In most photographs or portraits, Anthony looks very stern and forbidding, with dresses buttoned up to her chin. This is unfortunate, because she was nothing less than a badass. Consider:

  • By age seventeen (in 1837) Anthony was already working for abolition of slavery;
  • In 1866, she and gal pal Elizabeth Cady Stanton founded the American Equal Rights Association, seeking equal rights for women and for African-Americans;
  • She advocated equal pay for women teachers and pushed for co-educational education for all (MOTHER PENCE WOULDN’T LIKE THAT);
  • She pressed for married women to have expanded property rights so their dumbfuck husbands wouldn’t take all their money and abuse and/or oppress them;
  • She helped enslaved Africans to escape via the Underground Railroad.

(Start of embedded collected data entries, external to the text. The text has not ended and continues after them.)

(* For one-sided matching with $n$ agents and $n$ items and unrestricted nonnegative valuations, there are deterministic algorithms achieving each of the following: (i) distortion $O(n)$ using one value query per agent; (ii) for any constant integer $k\ge1$, distortion $O(n^{1/k})$ using $O(\log n)$ queries per agent; (iii) distortion $O(1)$ using $O(\log^2 n)$ queries per agent.
   Context: One-sided matching: there is a set $N$ of $n$ agents and a set $A$ of $n$ items. Each agent $i$ has a valuation function $v_i:A\to\mathbb{R}_{\ge0}$. The algorithm receives the agents' rankings of the items consistent with their values (if $a\succ_i b$ then $v_i(a)\ge v_i(b)$). It may ask value queries returning $v_i(j)$, and it outputs a perfect matching (bijection $N\to A$). Its distortion is the worst case, over all valuation profiles, of the optimal social welfare $\max_Z\sum_i v_i(z_i)$ divided by the social welfare $\sum_i v_i(y_i)$ of the output matching. *)

From HB Require Import structures.
From mathcomp Require Import all_boot all_order all_algebra all_fingroup.
From mathcomp Require Import reals exp.
Set Implicit Arguments. Unset Strict Implicit. Unset Printing Implicit Defensive.
Import Order.TTheory GRing.Theory Num.Theory.
Local Open Scope ring_scope.

Section OneSidedMatching.
Variables (R : realType) (n : nat).

(* Agents and items are both indexed by 'I_n. v i j = value of agent i for item j. *)
Definition valuation := 'I_n -> 'I_n -> R.
Definition nonneg_valuation (v : valuation) := forall i j, 0 <= v i j.

(* A ranking profile: rk i j = position (0 = best) of item j in agent i's ranking. *)
Definition ranking := 'I_n -> {perm 'I_n}.
Definition consistent (rk : ranking) (v : valuation) :=
  forall i a b, (rk i a < rk i b)%N -> v i b <= v i a.

Definition matching := {perm 'I_n}.
Definition SW (v : valuation) (M : matching) : R := \sum_(i < n) v i (M i).
Definition OPT (v : valuation) : R := \big[Num.max/0]_(Z : matching) SW v Z.

Inductive action := Query of 'I_n & 'I_n | Output of matching.
(* history: sequence of (agent, item, answered value) *)
Definition history := seq ('I_n * 'I_n * R).
Definition algorithm := ranking -> history -> action.

Fixpoint run (A : algorithm) (rk : ranking) (v : valuation) (fuel : nat)
    (h : history) : option (history * matching) :=
  match fuel with
  | 0 => None
  | fuel'.+1 =>
      match A rk h with
      | Output M => Some (h, M)
      | Query i j => run A rk v fuel' (rcons h (i, j, v i j))
      end
  end.

Definition queries_of (h : history) (i : 'I_n) : nat :=
  count (fun q : 'I_n * 'I_n * R => q.1.1 == i) h.

(* A achieves distortion at most D using at most qb value queries per agent:
   on every nonnegative profile and every consistent ranking profile, it outputs
   a matching after asking each agent at most qb queries (hence at most n*qb
   queries in total), and OPT <= D * SW(output). *)
Definition achieves (A : algorithm) (qb : nat) (D : R) :=
  forall (v : valuation) (rk : ranking), nonneg_valuation v -> consistent rk v ->
  exists (h : history) (M : matching),
    run A rk v (n * qb).+1 [::] = Some (h, M) /\
    (forall i, (queries_of h i <= qb)%N) /\
    OPT v <= D * SW v M.

End OneSidedMatching.

From HB Require Import structures.
From mathcomp Require Import all_boot all_order all_algebra all_fingroup.
From mathcomp Require Import reals exp.
From mathcomp Require Import zify ring lra.
Import Order.TTheory GRing.Theory Num.Theory.
Local Open Scope ring_scope.
Set Implicit Arguments. Unset Strict Implicit. Unset Printing Implicit Defensive.

(* All three bounds come from one family of algorithms, parameterized by a
   ratio beta >= 1 and a number L of threshold levels.  Agents are handled one
   after the other; agent i first reveals the value t_i of its top item, then for
   each level l = 1..L a binary search along its ranking locates the last item
   whose value is at least the threshold t_i / beta^l, using O(log n) queries.
   From the answers we build the estimate w_i(j) = largest revealed value of an
   item ranked no higher than j; w <= v, and v_i(j) <= beta w_i(j) + t_i/beta^L.
   Outputting a w-optimal matching then gives distortion beta + n / beta^L
   (the largest t_i is a lower bound on the welfare).  Choosing
   (beta, L) = (1, 0), (n^(1/k), k) and (2, log n + 1) gives (i), (ii), (iii). *)

Lemma iota0S k : iota 0 k.+1 = rcons (iota 0 k) k.
Proof. by rewrite -cats1 -addn1 iotaD. Qed.

Lemma run_more (R : realType) n (A : algorithm R n) rk v fuel h res k :
  run A rk v fuel h = Some res -> run A rk v (fuel + k) h = Some res.
Proof.
elim: fuel h => [|fuel IH] h //=.
by case: (A rk h) => [i j|M] //; apply: IH.
Qed.

Lemma run_trace (R : realType) n (A : algorithm R n) rk v
    (H : nat -> history R n) (q : nat -> 'I_n * 'I_n) N M :
  (forall k, (k < N)%N -> A rk (H k) = Query (q k).1 (q k).2 /\
     H k.+1 = rcons (H k) ((q k).1, (q k).2, v (q k).1 (q k).2)) ->
  A rk (H N) = Output M ->
  forall k d, (k + d = N)%N -> run A rk v d.+1 (H k) = Some (H N, M).
Proof.
move=> step out k d; elim: d k => [|d IH] k hkd.
  by rewrite addn0 in hkd; rewrite /= hkd out.
have [hA hH] := step k (ltac:(lia)).
by rewrite /= hA -hH; apply: IH; rewrite addSnnS.
Qed.

Lemma achieves_mono (R : realType) n (A : algorithm R n) q q' (D D' : R) :
  achieves A q D -> (q <= q')%N -> D <= D' -> achieves A q' D'.
Proof.
move=> hA hq hD v rk v0 hc; have [h [M [hrun [hqs hO]]]] := hA v rk v0 hc.
exists h, M; split; last split.
- have -> : (n * q').+1 = ((n * q).+1 + (n * q' - n * q))%N.
    by rewrite addSn subnKC // leq_mul.
  exact: run_more.
- by move=> i; apply: leq_trans (hqs i) hq.
- apply: le_trans hO (ler_wpM2r _ hD).
  by apply: sumr_ge0 => i _; apply: v0.
Qed.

Sure, she was part of the Temperance Movement but her motivation was protecting women whose alcoholic husbands left them destitute while beating the crap out of them and their kids — and not cracking down on those of us who like a little toddy before (during and after) dinner.

She coined the jaunty phrase “Failure is impossible!” and although she, sadly, did not live to see the passage of the 19th Amendment, she was absolutely correct: the women’s suffrage movement did not fail. Women are still thinking for themselves, fighting for equal pay and equal rights, and trying to stop those who want to impinge on their right to vote.

Tuesday, on the 100th anniversary of the 19th Amendment’s ratification, Donald J. Trump issued a federal “pardon” for Anthony, who was arrested and prosecuted for casting her vote in Rochester, New York. An obvious attempt to pander to women voters, I firmly believe no self-respecting woman is stupid enough to buy it.

If Susan B. Anthony were alive today, I suspect she would tell Mr. Trump to go pound sand. You only need a pardon if you’re convicted of a crime, and Anthony did not believe that her vote was a crime. Indeed, at her “the fix is in” trial, where the judge ordered the jury to find Anthony guilty and refused to let her testify in her own defense, Anthony ripped the judge a new one when she was (finally) “allowed” to speak before sentencing:

Judge: Has the prisoner anything to say why sentence should not be pronounced?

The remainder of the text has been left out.